For the study, which appears in Physical Review B, the researchers used quantum mechanical computational methods to simulate the behavior of atoms in a metal at various temperatures and pressures. The calculations showed that for alkali metals like sodium, re-entrant melting starts to happen at pressures around 30 gigapascals (about 300,000 times Earth’s atmospheric pressure).

But the research also showed, for the first time, that other metal could in theory undergo re-entrant melting at extreme pressures. Magnesium, for example, would undergo re-entrant melting at around 300 gigapascals. For aluminum, pressures around 3,500 gigapascals would induce re-entrant heating.

That even relatively dense metals could have a liquid phase that’s denser than solid phase is surprising, the researchers say.

“Metallic elements typically have such a close-packed structure that it seems impossible for the liquid phase to be denser than the solid—until one actually computes these densities,” says Qijun Hong, a research associate at Brown.

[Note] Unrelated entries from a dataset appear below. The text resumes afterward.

(* Let $\Theta\vdash^\top t$ be a $\beta$-normal $\mathsf{F_{<:}^\top}$ term-in-context and $\Theta\vdash^\top T$ an $\mathsf{F_{<:}^\top}$ type. If $\Theta\vdash t:T$ is derivable in System $\mathsf{F_{<:}^{K\top}}$, then $\Theta\vdash^\top t:T$ is derivable in System $\mathsf{F_{<:}^\top}$.
   Context: System $\mathsf{F_{<:}^{K\top}}$: raw types $T ::= \top \mid X \mid T\to T \mid \forall^{\mathsf K}(X<:T).T \mid \forall^\top(X<:T).T$, up to $\alpha$-conversion. Contexts $\Theta$: finite sequences of $X<:T$ or $x:T$ with distinct variables, each type well-formed over the preceding part. Subtyping $\Theta\vdash S<:T$: (Var) $\Theta,X<:T,\Theta'\vdash X<:T$; (Top) $T<:\top$; (Refl); (Trans); ($\to$) from $S'<:S$, $T<:T'$ infer $S\to T<:S'\to T'$; ($\forall$-Fun) from $\Theta,X<:S\vdash T<:T'$ infer $\forall^{\mathsf K}(X<:S).T<:\forall^{\mathsf K}(X<:S).T'$; ($\forall$-Loc) from $\Theta\vdash T_0<:S_0$, $\Theta,X<:S_0\vdash S_1<:T_1$ infer $\forall^{\mathsf K}(X<:S_0).S_1<:\forall^\top(X<:T_0).T_1$; ($\forall$-Top) from $\Theta\vdash T_0<:S_0$, $\Theta,X<:\top\vdash S_1<:T_1$ infer $\forall^\top(X<:S_0).S_1<:\forall^\top(X<:T_0).T_1$. Raw terms $t ::= \mathsf{top}\mid x\mid\lambda(x:T).t\mid\Lambda(X<:T).t\mid t\,t\mid t\{T\}$. Typing: $\mathsf{top}:\top$; $\Theta,x:T,\Theta'\vdash x:T$; (sub) from $t:T$, $T<:T'$ infer $t:T'$; ($\to$-i) from $\Theta,x:S\vdash t:T$ infer $\lambda(x:S).t:S\to T$; ($\to$-e) from $t:S\to T$, $s:S$ infer $t\,s:T$; ($\forall$-i) from $\Theta,X<:S\vdash t:T$ infer $\Theta\vdash\Lambda(X<:S).t:\forall^{\mathsf K}(X<:S).T$; ($\forall$-e) from $\Theta\vdash t:\forall^\top(X<:S).T$ and $\Theta\vdash S'<:S$ infer $\Theta\vdash t\{S'\}:T[S'/X]$. $\mathsf{F_{<:}^\top}$ types, contexts and terms are those in which only $\forall^\top$ occurs. System $\mathsf{F_{<:}^\top}$ (judgements $\vdash^\top$) has subtyping rules Var, Top, Refl, Trans, $\to$, $\forall$-Top only, and the same typing rules except that ($\forall$-i) concludes $\Theta\vdash^\top\Lambda(X<:S).t:\forall^\top(X<:S).T$. A term is $\beta$-normal if it has no subterm of the form $(\lambda(x:S).t)\,s$ or $(\Lambda(X<:S).t)\{R\}$. *)

(* Syntax of System F_{<:}^{K T} and F_{<:}^T, in de Bruijn
   style with separate index spaces for type variables and term variables
   (as in Vouillon's POPLmark solution).  alpha-conversion is built in. *)
From Stdlib Require Import Arith List.
Import ListNotations.

Inductive quant : Type := QK | QT .

Inductive typ : Type :=
  | Top : typ
  | TVar : nat -> typ
  | Arr : typ -> typ -> typ
  | All : quant -> typ -> typ -> typ.   (* All q S T = forall^q (X <: S). T, X bound as index 0 in T *)

Inductive trm : Type :=
  | ttop : trm
  | var : nat -> trm
  | abs : typ -> trm -> trm     (* lambda (x:T). t, x = term index 0 in t *)
  | tabs : typ -> trm -> trm    (* Lambda (X<:T). t, X = type index 0 in t *)
  | app : trm -> trm -> trm
  | tapp : trm -> typ -> trm.

Inductive binding : Type :=
  | BSub : typ -> binding
  | BVar : typ -> binding.

(* contexts: head of the list = most recent (rightmost) binding *)
Definition env := list binding.

Fixpoint tshift (c : nat) (T : typ) : typ :=
  match T with
  | Top => Top
  | TVar n => if c <=? n then TVar (S n) else TVar n
  | Arr S1 T1 => Arr (tshift c S1) (tshift c T1)
  | All q S1 T1 => All q (tshift c S1) (tshift (S c) T1)
  end.

Fixpoint tshiftn (k : nat) (T : typ) : typ :=
  match k with 0 => T | S k' => tshift 0 (tshiftn k' T) end.

(* tsubst T k U = T[U/X_k] (capture-avoiding, lowering indices above k) *)
Fixpoint tsubst (T : typ) (k : nat) (U : typ) : typ :=
  match T with
  | Top => Top
  | TVar n => if n <? k then TVar n
              else if n =? k then tshiftn k U else TVar (n - 1)
  | Arr S1 T1 => Arr (tsubst S1 k U) (tsubst T1 k U)
  | All q S1 T1 => All q (tsubst S1 k U) (tsubst T1 (S k) U)
  end.

Fixpoint ntv (E : env) : nat :=
  match E with [] => 0 | BSub _ :: E' => S (ntv E') | BVar _ :: E' => ntv E' end.
Fixpoint nv (E : env) : nat :=
  match E with [] => 0 | BSub _ :: E' => nv E' | BVar _ :: E' => S (nv E') end.

(* bound of the type variable X, expressed in context E *)
Fixpoint get_bound (E : env) (X : nat) : option typ :=
  match E with
  | [] => None
  | BSub T :: E' => match X with
                    | 0 => Some (tshift 0 T)
                    | S X' => option_map (tshift 0) (get_bound E' X')
                    end
  | BVar _ :: E' => get_bound E' X
  end.

(* type of the term variable x, expressed in context E *)
Fixpoint get_var (E : env) (x : nat) : option typ :=
  match E with
  | [] => None
  | BVar T :: E' => match x with 0 => Some T | S x' => get_var E' x' end
  | BSub _ :: E' => option_map (tshift 0) (get_var E' x)
  end.

(* Well-formedness over n type variables.  If allowK = false, only
   forall^Top may occur (i.e. F_{<:}^Top types). *)
Fixpoint wf_typ (allowK : bool) (n : nat) (T : typ) : Prop :=
  match T with
  | Top => True
  | TVar X => X < n
  | Arr S1 T1 => wf_typ allowK n S1 /\ wf_typ allowK n T1
  | All q S1 T1 => (allowK = true \/ q = QT) /\ wf_typ allowK n S1 /\ wf_typ allowK (S n) T1
  end.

There’s currently no way on Earth to reach the extreme pressures that induce re-entrant heating in any metals beyond the alkalis, the researchers say. But the findings could have implications for understanding the composition of large exoplanets—planets beyond our solar system.

“It raises the possibility that the interior pressures of large planets could be sufficient to induce re-entrant melting,” van de Walle says. “That means their cores would consist of layers in a liquid-solid-liquid sequence, rather than the more common liquid-to-solid sequence.”

Funding for the research came from the National Science Foundation and the Office of Naval Research.